[Data for this task]
···

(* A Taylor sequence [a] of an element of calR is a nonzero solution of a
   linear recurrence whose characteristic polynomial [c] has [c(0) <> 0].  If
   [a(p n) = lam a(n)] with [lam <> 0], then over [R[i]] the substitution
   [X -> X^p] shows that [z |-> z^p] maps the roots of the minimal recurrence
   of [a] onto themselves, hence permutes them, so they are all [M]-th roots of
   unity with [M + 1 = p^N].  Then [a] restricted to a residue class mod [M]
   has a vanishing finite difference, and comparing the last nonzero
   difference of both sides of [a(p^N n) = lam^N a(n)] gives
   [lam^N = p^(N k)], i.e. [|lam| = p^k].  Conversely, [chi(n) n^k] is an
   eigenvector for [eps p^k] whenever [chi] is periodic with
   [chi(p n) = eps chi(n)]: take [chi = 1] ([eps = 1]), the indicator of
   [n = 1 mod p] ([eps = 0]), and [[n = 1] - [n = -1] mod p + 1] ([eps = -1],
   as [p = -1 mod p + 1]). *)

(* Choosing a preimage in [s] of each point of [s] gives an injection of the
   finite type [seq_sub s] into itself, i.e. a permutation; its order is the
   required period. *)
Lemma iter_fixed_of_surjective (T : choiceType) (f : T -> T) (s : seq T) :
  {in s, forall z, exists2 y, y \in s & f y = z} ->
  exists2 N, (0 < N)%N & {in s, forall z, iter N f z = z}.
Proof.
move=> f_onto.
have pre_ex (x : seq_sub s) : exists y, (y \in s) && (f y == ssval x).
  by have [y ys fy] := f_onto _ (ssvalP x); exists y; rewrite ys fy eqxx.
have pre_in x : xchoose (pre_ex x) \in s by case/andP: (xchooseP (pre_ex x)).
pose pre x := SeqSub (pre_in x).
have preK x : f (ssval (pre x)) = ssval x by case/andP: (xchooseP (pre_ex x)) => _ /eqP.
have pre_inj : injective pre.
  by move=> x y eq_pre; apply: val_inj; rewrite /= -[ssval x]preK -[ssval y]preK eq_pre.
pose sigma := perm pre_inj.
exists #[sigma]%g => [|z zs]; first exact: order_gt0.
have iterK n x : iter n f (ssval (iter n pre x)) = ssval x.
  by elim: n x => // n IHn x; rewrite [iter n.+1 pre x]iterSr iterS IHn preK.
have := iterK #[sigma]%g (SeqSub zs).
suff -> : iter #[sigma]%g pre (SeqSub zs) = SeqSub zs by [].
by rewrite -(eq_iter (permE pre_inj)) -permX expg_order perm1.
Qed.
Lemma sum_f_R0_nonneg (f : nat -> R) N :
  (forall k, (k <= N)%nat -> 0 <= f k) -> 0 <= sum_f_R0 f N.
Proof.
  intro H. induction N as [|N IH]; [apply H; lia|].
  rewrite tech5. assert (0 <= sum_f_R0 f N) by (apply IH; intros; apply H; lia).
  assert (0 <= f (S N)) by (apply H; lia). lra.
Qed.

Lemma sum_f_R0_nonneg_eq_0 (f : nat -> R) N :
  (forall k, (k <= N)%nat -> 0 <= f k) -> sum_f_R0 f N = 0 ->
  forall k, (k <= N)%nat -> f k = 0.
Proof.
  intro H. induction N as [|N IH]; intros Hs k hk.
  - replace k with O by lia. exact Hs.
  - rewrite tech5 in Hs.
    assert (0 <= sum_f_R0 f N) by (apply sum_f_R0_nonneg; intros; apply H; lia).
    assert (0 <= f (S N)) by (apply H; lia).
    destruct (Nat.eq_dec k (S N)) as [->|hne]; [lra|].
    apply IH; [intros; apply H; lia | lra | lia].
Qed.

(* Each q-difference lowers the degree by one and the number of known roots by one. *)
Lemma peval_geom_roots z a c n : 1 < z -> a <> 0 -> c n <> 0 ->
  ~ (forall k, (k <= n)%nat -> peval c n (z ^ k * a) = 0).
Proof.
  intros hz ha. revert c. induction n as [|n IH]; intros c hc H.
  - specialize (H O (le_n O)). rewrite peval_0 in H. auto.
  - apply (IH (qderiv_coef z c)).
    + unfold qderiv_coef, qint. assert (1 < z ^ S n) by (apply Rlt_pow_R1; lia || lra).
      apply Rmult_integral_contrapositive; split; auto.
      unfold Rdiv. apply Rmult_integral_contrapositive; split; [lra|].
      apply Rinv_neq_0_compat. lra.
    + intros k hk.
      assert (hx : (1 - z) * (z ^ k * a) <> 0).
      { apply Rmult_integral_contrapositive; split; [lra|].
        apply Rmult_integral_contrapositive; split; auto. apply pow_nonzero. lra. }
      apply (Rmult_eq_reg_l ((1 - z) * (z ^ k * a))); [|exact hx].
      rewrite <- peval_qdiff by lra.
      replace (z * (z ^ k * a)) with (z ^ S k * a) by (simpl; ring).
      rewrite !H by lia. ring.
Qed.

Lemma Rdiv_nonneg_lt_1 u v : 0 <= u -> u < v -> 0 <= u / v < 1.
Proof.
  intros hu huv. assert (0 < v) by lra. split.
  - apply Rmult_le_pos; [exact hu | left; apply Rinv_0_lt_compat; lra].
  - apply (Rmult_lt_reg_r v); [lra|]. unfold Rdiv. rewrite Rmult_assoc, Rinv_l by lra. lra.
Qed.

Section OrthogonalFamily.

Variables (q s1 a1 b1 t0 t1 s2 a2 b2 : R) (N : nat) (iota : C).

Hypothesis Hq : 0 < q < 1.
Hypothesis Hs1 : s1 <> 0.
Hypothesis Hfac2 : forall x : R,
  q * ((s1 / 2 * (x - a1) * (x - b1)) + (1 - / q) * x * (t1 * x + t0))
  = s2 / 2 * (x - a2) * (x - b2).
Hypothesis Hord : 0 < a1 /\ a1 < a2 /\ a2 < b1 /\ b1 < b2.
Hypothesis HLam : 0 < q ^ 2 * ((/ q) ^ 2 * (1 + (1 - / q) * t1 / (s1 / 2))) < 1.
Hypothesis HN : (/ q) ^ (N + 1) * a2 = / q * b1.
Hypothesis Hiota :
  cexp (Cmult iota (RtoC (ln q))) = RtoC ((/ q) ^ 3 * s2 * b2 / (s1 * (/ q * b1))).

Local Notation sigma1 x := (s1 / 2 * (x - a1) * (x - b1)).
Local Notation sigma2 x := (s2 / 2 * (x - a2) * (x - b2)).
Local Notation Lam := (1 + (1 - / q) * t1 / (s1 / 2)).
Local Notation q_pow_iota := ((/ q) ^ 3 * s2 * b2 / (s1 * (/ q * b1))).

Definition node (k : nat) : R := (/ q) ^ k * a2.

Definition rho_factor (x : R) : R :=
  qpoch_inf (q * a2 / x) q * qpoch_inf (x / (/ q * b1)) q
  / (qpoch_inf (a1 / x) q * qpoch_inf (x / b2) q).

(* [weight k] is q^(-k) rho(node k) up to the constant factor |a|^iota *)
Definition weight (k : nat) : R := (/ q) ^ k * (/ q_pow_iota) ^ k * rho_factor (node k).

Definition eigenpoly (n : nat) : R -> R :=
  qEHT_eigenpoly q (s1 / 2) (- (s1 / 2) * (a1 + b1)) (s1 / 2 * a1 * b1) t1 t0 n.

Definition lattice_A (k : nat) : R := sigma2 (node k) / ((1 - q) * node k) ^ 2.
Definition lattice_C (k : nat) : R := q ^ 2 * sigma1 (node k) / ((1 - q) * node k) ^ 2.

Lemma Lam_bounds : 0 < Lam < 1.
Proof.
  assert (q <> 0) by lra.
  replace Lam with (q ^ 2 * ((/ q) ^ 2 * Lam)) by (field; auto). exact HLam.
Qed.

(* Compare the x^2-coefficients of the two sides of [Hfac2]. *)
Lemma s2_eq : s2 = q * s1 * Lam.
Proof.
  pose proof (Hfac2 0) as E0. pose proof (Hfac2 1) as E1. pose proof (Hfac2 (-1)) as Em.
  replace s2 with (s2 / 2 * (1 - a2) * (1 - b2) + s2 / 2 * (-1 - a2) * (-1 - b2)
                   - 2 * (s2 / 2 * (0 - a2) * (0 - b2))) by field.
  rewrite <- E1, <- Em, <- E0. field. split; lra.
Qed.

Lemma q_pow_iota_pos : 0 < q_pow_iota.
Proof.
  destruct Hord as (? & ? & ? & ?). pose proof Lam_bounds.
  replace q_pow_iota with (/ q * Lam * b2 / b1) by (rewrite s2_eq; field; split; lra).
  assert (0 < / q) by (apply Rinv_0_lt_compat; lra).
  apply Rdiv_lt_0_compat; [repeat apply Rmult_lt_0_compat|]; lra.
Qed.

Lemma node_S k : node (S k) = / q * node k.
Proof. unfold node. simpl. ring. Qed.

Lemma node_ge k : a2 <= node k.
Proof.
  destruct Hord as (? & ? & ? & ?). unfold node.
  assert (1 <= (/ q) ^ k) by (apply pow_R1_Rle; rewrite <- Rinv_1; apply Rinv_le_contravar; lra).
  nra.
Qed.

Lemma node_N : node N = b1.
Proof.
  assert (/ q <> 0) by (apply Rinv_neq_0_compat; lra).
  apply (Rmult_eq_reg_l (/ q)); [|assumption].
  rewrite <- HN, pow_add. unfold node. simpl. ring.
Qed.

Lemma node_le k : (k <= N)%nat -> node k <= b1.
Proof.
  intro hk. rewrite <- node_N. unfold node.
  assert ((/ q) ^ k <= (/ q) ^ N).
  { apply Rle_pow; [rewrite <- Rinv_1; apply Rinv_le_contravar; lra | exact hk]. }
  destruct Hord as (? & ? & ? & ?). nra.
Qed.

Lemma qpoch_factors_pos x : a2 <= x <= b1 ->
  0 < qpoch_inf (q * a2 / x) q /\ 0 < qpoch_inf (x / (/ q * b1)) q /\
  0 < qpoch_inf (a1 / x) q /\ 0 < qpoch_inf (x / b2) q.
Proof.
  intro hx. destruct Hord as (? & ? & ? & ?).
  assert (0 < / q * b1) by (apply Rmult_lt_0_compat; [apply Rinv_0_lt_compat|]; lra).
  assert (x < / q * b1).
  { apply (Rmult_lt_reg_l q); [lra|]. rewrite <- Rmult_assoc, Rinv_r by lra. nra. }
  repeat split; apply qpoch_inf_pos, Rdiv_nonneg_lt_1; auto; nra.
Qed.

···

Of the lines above, extract only those from the line with "Hypothesis HN : (/" to the line with "Local Notation Lam", both included, exactly as written.

[Task answer]
Hypothesis HN : (/ q) ^ (N + 1) * a2 = / q * b1.
Hypothesis Hiota :
  cexp (Cmult iota (RtoC (ln q))) = RtoC ((/ q) ^ 3 * s2 * b2 / (s1 * (/ q * b1))).

Local Notation sigma1 x := (s1 / 2 * (x - a1) * (x - b1)).
Local Notation sigma2 x := (s2 / 2 * (x - a2) * (x - b2)).
Local Notation Lam := (1 + (1 - / q) * t1 / (s1 / 2)).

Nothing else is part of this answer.